Misunderstanding coverage needs – An insurer could pay if an agent did not properly explain mandatory coverages.
However, insurers are under no obligation to pay anything above liability only. It is extremely difficult to compel them to cover a totaled car without the right policy types at the time of loss.
Explore Alternate Transportation Options
While trying to get reimbursed for your totaled car, you will need alternate reliable transportation right away. Some options to explore include:
Borrowing a car from family or friends temporarily
Renting a car long-term for a discounted monthly rate
Leasing a new car with low down payment offers
Ride-sharing services like Uber or public transportation
Purchasing an inexpensive used car that meets your basic needs
Avoid long-term high-interest car title loans or other predatory lending offers. Focus on affordable transportation that fits within your current budget.
Learn From The Experience
Driving without physical damage coverage puts you at significant financial risk. Let this incident be a lesson to maintain full car insurance going forward. Here are some tips:
Discuss coverage needs with an agent when buying or renewing a policy.
Choose higher deductibles on collision/comprehensive to save on premiums.
Review policy limits and exclusions annually as your driving profile changes.
Sign up for autopay and renewal reminders to prevent accidental lapses.
Compare rates regularly to find the best price available for required coverage.

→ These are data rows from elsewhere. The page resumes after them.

(* For $n\ge 0$ let $s_n$ be the number of permutations of $\{1,\dots,n\}$ that are achievable by two stacks in series, and let $t_n$ be the number of achievable permutations $a_1\cdots a_n$ of $\{1,\dots,n\}$ for which there is no $j$ with $a_{j+1}=a_j+1$ (with $s_0=t_0=1$). Let $S(x)=\sum_{n\ge0}s_nx^n$ and $T(x)=\sum_{n\ge0}t_nx^n$. Then $S(x)=T\!\left(\frac{x}{1-x}\right)$, and consequently for every $n\ge1$, $$s_n=\sum_{i=1}^{n}\binom{n-1}{i-1}t_i.$$
   Context: Two stacks in series: a machine with an input stream, a first stack, a second stack and an output stream, with three moves: $\rho$ moves the next element of the input onto the top of the first stack; $\lambda$ moves the top element of the first stack onto the top of the second stack; $\mu$ moves the top element of the second stack to the end of the output. A permutation $q$ of $\{1,\dots,m\}$ is achievable if, starting with input $1,2,\dots,m$ (in this order) and both stacks empty, some finite sequence of these moves ends with empty input, empty stacks, and output equal to $q$. *)

From mathcomp Require Import all_boot all_order all_algebra.
From mathcomp Require Import boolp.
Set Implicit Arguments. Unset Strict Implicit. Unset Printing Implicit Defensive.
Import GRing.Theory.

(* Two stacks in series.  A state is (input, stack1, stack2, output);
   stacks are lists with the top element at the head; the output is read
   left to right (new elements are appended at the end). *)
Record ts_state := TSState {
  ts_in : seq nat; ts_st1 : seq nat; ts_st2 : seq nat; ts_out : seq nat }.

Inductive ts_move := Rho | Lambda | Mu.

Definition ts_step (m : ts_move) (s : ts_state) : option ts_state :=
  match m, s with
  | Rho, TSState (x :: i) a b o => Some (TSState i (x :: a) b o)
  | Lambda, TSState i (x :: a) b o => Some (TSState i a (x :: b) o)
  | Mu, TSState i a (x :: b) o => Some (TSState i a b (rcons o x))
  | _, _ => None
  end.

Fixpoint ts_run (ms : seq ts_move) (s : ts_state) : option ts_state :=
  match ms with
  | [::] => Some s
  | m :: ms' => match ts_step m s with
                | Some s' => ts_run ms' s'
                | None => None
                end
  end.

Definition achievable (m : nat) (q : seq nat) : Prop :=
  exists ms : seq ts_move,
    ts_run ms (TSState (iota 1 m) [::] [::] [::]) = Some (TSState [::] [::] [::] q).

Definition no_succession (q : seq nat) : bool :=
  all (fun p : nat * nat => p.2 != p.1.+1) (zip q (behead q)).

(* s_n : number of achievable permutations of {1..n};
   t_n : those among them with no succession.  (permutations (iota 1 n) lists
   each permutation of 1..n exactly once.) *)
Definition s_num (n : nat) : nat :=
  count (fun q => `[< achievable n q >]) (permutations (iota 1 n)).

Definition t_num (n : nat) : nat :=
  count (fun q => `[< achievable n q >] && no_succession q)
        (permutations (iota 1 n)).

From mathcomp Require Import all_boot all_order all_algebra.
From mathcomp Require Import boolp zify ring.
Import GRing.Theory.
Set Implicit Arguments. Unset Strict Implicit. Unset Printing Implicit Defensive.

(* Let h n m count the achievable permutations of 1..n with no succession
   a, a+1 where a >= m, so that h n n = s_n and h n 1 = t_n.  A permutation
   counted by h (n+1) (v+1) but not by h (n+1) v has v immediately followed by
   v+1; deleting v+1 and renumbering maps these bijectively onto the
   permutations counted by h n v, since every run of the machine on one side
   can be imitated on the other, the block v, v+1 travelling as the single
   letter v.  Hence h (n+1) (v+1) = h (n+1) v + h n v, which unrolls to
   h n (k+1) = sum_i C(k, n-i) t_i, and k = n-1 gives the binomial formula.
   The series identity then follows from sum_n C(n-1, i-1) x^n = (x/(1-x))^i. *)

Lemma ts_run_cat ms1 ms2 s s1 :
  ts_run ms1 s = Some s1 -> ts_run (ms1 ++ ms2) s = ts_run ms2 s1.
Proof.
elim: ms1 s => [|m ms1 IH] s /=; first by case=> ->.
by case: (ts_step m s) => // s'; apply: IH.
Qed.

Lemma ts_run_simulate (f : ts_state -> ts_state) :
  (forall m s s1, ts_step m s = Some s1 ->
     exists ms, ts_run ms (f s) = Some (f s1)) ->
  forall ms s s1, ts_run ms s = Some s1 ->
    exists ms', ts_run ms' (f s) = Some (f s1).
Proof.
move=> sim_step; elim=> [|m ms IH] s s1 /=; first by case=> ->; exists [::].
case Es: (ts_step m s) => [s'|] // /IH [ms1 run1].
have [ms0 run0] := sim_step _ _ _ Es.
by exists (ms0 ++ ms1); rewrite (ts_run_cat _ run0).
Qed.

Lemma iotaSr m n : iota m n.+1 = rcons (iota m n) (m + n).
Proof. by rewrite -addn1 iotaD cats1. Qed.

Definition no_succ_ge m : rel nat := fun a b => (a < m) || (b != a.+1).

Section Succession.

Variable v : nat.

Definition shift_up x := if v < x then x.+1 else x.
Definition shift_down x := if v.+1 < x then x.-1 else x.

Definition expand x := if x == v then [:: v; v.+1] else [:: shift_up x].
Definition expand_rev x := if x == v then [:: v.+1; v] else [:: shift_up x].

Definition ins_succ l := flatten (map expand l).
Definition ins_succ_rev l := flatten (map expand_rev l).
Definition del_succ l := map shift_down (filter (predC1 v.+1) l).

Lemma ins_succ_cons x l : ins_succ (x :: l) = expand x ++ ins_succ l.
Proof. by []. Qed.

Lemma ins_succ_cat l1 l2 : ins_succ (l1 ++ l2) = ins_succ l1 ++ ins_succ l2.
Proof. by rewrite /ins_succ map_cat flatten_cat. Qed.

Lemma ins_succ_rcons l x : ins_succ (rcons l x) = ins_succ l ++ expand x.
Proof. by rewrite -cats1 ins_succ_cat /ins_succ /= cats0. Qed.

Lemma del_succ_cons x l :
  del_succ (x :: l) = if x == v.+1 then del_succ l else shift_down x :: del_succ l.
Proof. by rewrite /del_succ /=; case: eqP. Qed.

Lemma del_succ_cat l1 l2 : del_succ (l1 ++ l2) = del_succ l1 ++ del_succ l2.
Proof. by rewrite /del_succ filter_cat map_cat. Qed.

Lemma del_succ_rcons l x :
  del_succ (rcons l x) =
    if x == v.+1 then del_succ l else rcons (del_succ l) (shift_down x).
Proof. by rewrite -!cats1 del_succ_cat del_succ_cons; case: eqP; rewrite ?cats0. Qed.

Lemma del_succ_expand x : del_succ (expand x) = [:: x].
Proof.
rewrite /expand; case: eqP => [->|/eqP xv].
  by rewrite !del_succ_cons eqxx (ltn_eqF (ltnSn v)) /shift_down !ltnNge leqnSn.
rewrite del_succ_cons.
have -> : (shift_up x == v.+1) = false by rewrite /shift_up; case: ifP; lia.
by congr [:: _]; rewrite /shift_down /shift_up; case: ifP; case: ifP; lia.
Qed.

Lemma del_ins_succ l : del_succ (ins_succ l) = l.
Proof.
by elim: l => // x l IH; rewrite ins_succ_cons del_succ_cat del_succ_expand IH.
Qed.

Lemma ins_succ_id l : all (fun x => x < v) l -> ins_succ l = l.
Proof.
elim: l => //= x l IH /andP [xv /IH]; rewrite ins_succ_cons => ->.
by rewrite /expand /shift_up (ltn_eqF xv) ltnNge (ltnW xv).
Qed.

Lemma ins_succ_iota n : 0 < v <= n -> ins_succ (iota 1 n) = iota 1 n.+1.
Proof.
elim: n => [|n IH] vn; first lia.
rewrite iotaSr ins_succ_rcons; have [vn1|vn1] := ltnP v n.+1.
  rewrite IH; last lia.
  by rewrite /expand ifN_eq ?(gtn_eqF vn1) // /shift_up vn1 [RHS]iotaSr cats1.
have def_v : 1 + n = v by lia.
rewrite ins_succ_id; last by apply/allP => x; rewrite mem_iota; lia.
by rewrite def_v /expand eqxx -[n.+2]addn2 iotaD def_v.
Qed.

Lemma ins_del_succ_id l : v \notin l -> v.+1 \notin l -> ins_succ (del_succ l) = l.
Proof.
elim: l => // x l IH; rewrite !inE !negb_or => /andP [vx vl] /andP [v1x v1l].
rewrite del_succ_cons eq_sym (negbTE v1x) ins_succ_cons IH //.
have sdx : shift_down x != v by rewrite /shift_down; case: ifP; lia.
rewrite /expand (negbTE sdx) /=; congr (_ :: _).
by rewrite /shift_up /shift_down; case: ifP; case: ifP; lia.
Qed.

Definition glued q := infix [:: v; v.+1] q.

Lemma ins_del_succ q : uniq q -> glued q -> ins_succ (del_succ q) = q.
Proof.
move=> uq /infixP [l1 [l2 def_q]]; move: uq; rewrite def_q cat_uniq /= !inE.
rewrite !negb_or (eq_sym v) (gtn_eqF (ltnSn v)) /=.
move=> /and5P [_ /and3P [vl1 v1l1 _] vl2 v1l2 _].
rewrite !del_succ_cat !del_succ_cons eqxx (ltn_eqF (ltnSn v)) /=.
rewrite ins_succ_cat ins_succ_cons !ins_del_succ_id //.
by rewrite /shift_down ltnNge leqnSn /= /expand eqxx.
Qed.

Definition expand_last x := if x == v then v.+1 else shift_up x.

Lemma no_succ_ge_expand a b :
  no_succ_ge v.+1 (expand_last a) (shift_up b) = no_succ_ge v a b.
Proof.
rewrite /no_succ_ge /expand_last /shift_up.
by case: eqP => [->|/eqP]; repeat case: ifP; lia.
Qed.

Lemma path_ins_succ x l :
  path (no_succ_ge v.+1) (expand_last x) (ins_succ l) = path (no_succ_ge v) x l.
Proof.
elim: l x => // y l IH x; rewrite ins_succ_cons /= -IH -no_succ_ge_expand.
rewrite /expand {3}/expand_last; case: eqP => [->|_] //=.
by rewrite /shift_up ltnn {2}/no_succ_ge ltnSn.
Qed.

Lemma sorted_ins_succ l :
  sorted (no_succ_ge v.+1) (ins_succ l) = sorted (no_succ_ge v) l.
Proof.
case: l => // x l; rewrite ins_succ_cons [sorted _ (x :: l)]/= -path_ins_succ.
rewrite /expand /expand_last; case: eqP => _ //=.
by rewrite {1}/no_succ_ge ltnSn.
Qed.

Lemma glued_ins_succ l : v \in l -> glued (ins_succ l).
Proof.
case/splitPr=> l1 l2; rewrite ins_succ_cat ins_succ_cons /expand eqxx.
exact: infix_infix.
Qed.

Lemma sorted_del_succ q : uniq q -> glued q ->
  sorted (no_succ_ge v) (del_succ q) = sorted (no_succ_ge v.+1) q.
Proof. by move=> uq gq; rewrite -sorted_ins_succ ins_del_succ. Qed.

Lemma no_succ_geS a b :
  no_succ_ge v a b = no_succ_ge v.+1 a b && ~~ ((v == a) && (v.+1 == b)).
Proof.
rewrite /no_succ_ge.
by case: (v =P a) => [<-|]; case: (v.+1 =P b) => [<-|]; lia.
Qed.

Lemma sorted_no_succ_geS q :
  sorted (no_succ_ge v) q = sorted (no_succ_ge v.+1) q && ~~ glued q.
Proof.
case: q => // x q; rewrite /glued /=.
elim: q x => [|y q IH] x /=; first by rewrite andbF.
by rewrite IH no_succ_geS prefix0s andbT !negb_or -!andbA; do !bool_congr.
Qed.

Definition del_state s :=
  TSState (del_succ (ts_in s)) (del_succ (ts_st1 s)) (del_succ (ts_st2 s))
          (del_succ (ts_out s)).

(* The first stack has its top at the head, so it holds the block v, v+1
   reversed. *)
Definition ins_state s :=
  TSState (ins_succ (ts_in s)) (ins_succ_rev (ts_st1 s)) (ins_succ (ts_st2 s))
          (ins_succ (ts_out s)).

Lemma del_state_step m s s1 : ts_step m s = Some s1 ->
  exists ms, ts_run ms (del_state s) = Some (del_state s1).
Proof.
case: s => i a b o; case: m => /=; [case: i | case: a | case: b] => // x l [<-];
  rewrite /del_state /= ?del_succ_cons ?del_succ_rcons; case: eqP => _;
  by [exists [::] | exists [:: Rho] | exists [:: Lambda] | exists [:: Mu]].
Qed.

Lemma ins_state_step m s s1 : ts_step m s = Some s1 ->
  exists ms, ts_run ms (ins_state s) = Some (ins_state s1).
Proof.
case: s => i a b o; case: m => /=; [case: i | case: a | case: b] => // x l [<-];
  rewrite /ins_state /= ?ins_succ_rcons /ins_succ /ins_succ_rev /= /expand /expand_rev;
  case: eqP => _.
- by exists [:: Rho; Rho].
- by exists [:: Rho].
- by exists [:: Lambda; Lambda].
- by exists [:: Lambda].
- by exists [:: Mu; Mu]; rewrite /= -!cats1 -catA.
- by exists [:: Mu]; rewrite /= -!cats1.
Qed.

Lemma achievable_del_succ n q :
  0 < v <= n -> achievable n.+1 q -> achievable n (del_succ q).
Proof.
move=> vn [ms run]; have [ms' run'] := ts_run_simulate del_state_step run.
by exists ms'; move: run'; rewrite /del_state -(ins_succ_iota vn) del_ins_succ.
Qed.

Lemma achievable_ins_succ n q :
  0 < v <= n -> achievable n q -> achievable n.+1 (ins_succ q).
Proof.
move=> vn [ms run]; have [ms' run'] := ts_run_simulate ins_state_step run.
by exists ms'; move: run'; rewrite /ins_state /= ins_succ_iota.
Qed.

End Succession.

Lemma count_predD (T : Type) (a b : pred T) s :
  count a s = count (predI a b) s + count (predD a b) s.
Proof. by elim: s => //= x s ->; case: (a x); case: (b x) => /=; lia. Qed.

Lemma count_le_can (T1 T2 : eqType) (s1 : seq T1) (s2 : seq T2)
    (P1 : pred T1) (P2 : pred T2) (f : T1 -> T2) (g : T2 -> T1) :
  uniq s1 ->
  (forall x, x \in s1 -> P1 x -> [/\ f x \in s2, P2 (f x) & g (f x) = x]) ->
  count P1 s1 <= count P2 s2.
Proof.
move=> uniq_s1 hf; rewrite -!size_filter -(size_map f); apply: uniq_leq_size.
  rewrite map_inj_in_uniq ?filter_uniq // => x y; rewrite !mem_filter.
  move=> /andP [P1x /hf/(_ P1x) [_ _ gfx]] /andP [P1y /hf/(_ P1y) [_ _ gfy]] fxy.
  by rewrite -gfx fxy gfy.
move=> y /mapP [x]; rewrite mem_filter => /andP [P1x /hf/(_ P1x) [s2fx P2fx _]] ->.
by rewrite mem_filter P2fx.
Qed.

Lemma count_bij (T1 T2 : eqType) (s1 : seq T1) (s2 : seq T2)
    (P1 : pred T1) (P2 : pred T2) (f : T1 -> T2) (g : T2 -> T1) :
  uniq s1 -> uniq s2 ->
  (forall x, x \in s1 -> P1 x -> [/\ f x \in s2, P2 (f x) & g (f x) = x]) ->
  (forall y, y \in s2 -> P2 y -> [/\ g y \in s1, P1 (g y) & f (g y) = y]) ->
  count P1 s1 = count P2 s2.
Proof.
move=> u1 u2 hf hg.
by apply: anti_leq; rewrite (count_le_can u1 hf) (count_le_can u2 hg).
Qed.

Lemma perm_del_succ v n q : 0 < v <= n ->
  perm_eq q (iota 1 n.+1) -> perm_eq (del_succ v q) (iota 1 n).
Proof.
move=> vn pq; rewrite -(del_ins_succ v (iota 1 n)) ins_succ_iota //.
exact/perm_map/perm_filter.
Qed.

Lemma perm_ins_succ v n q : 0 < v <= n ->
  perm_eq q (iota 1 n) -> perm_eq (ins_succ v q) (iota 1 n.+1).
Proof. by move=> vn pq; rewrite -(ins_succ_iota vn); exact/perm_flatten/perm_map. Qed.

Maintaining continuous auto insurance with adequate limits ensures you can get your vehicle repaired or replaced if it’s totaled in a future covered accident. Don’t get caught without collision and comprehensive protection again.
Liability insurance alone does not pay anything for damage to your own vehicle.
File a claim with the at-fault driver’s insurer seeking reimbursement for your totaled car.
Uninsured motorist coverage may help if the at-fault party lacks sufficient insurance.
Other insurance policies like credit cards or business insurance could cover the loss in some cases.
You may need to take legal action against the liable driver if their insurance won’t fully pay.
In very limited scenarios, your insurer might pay a claim even without collision coverage.
Going forward, make sure to maintain physical damage coverage to avoid paying out-of-pocket for vehicle damage.
Having your car totaled with only liability insurance can result in expensive out-of-pocket costs. An attorney familiar with insurance claims may be able to help maximize your options for reimbursement. Learn from this experience and keep full coverage in place moving forward.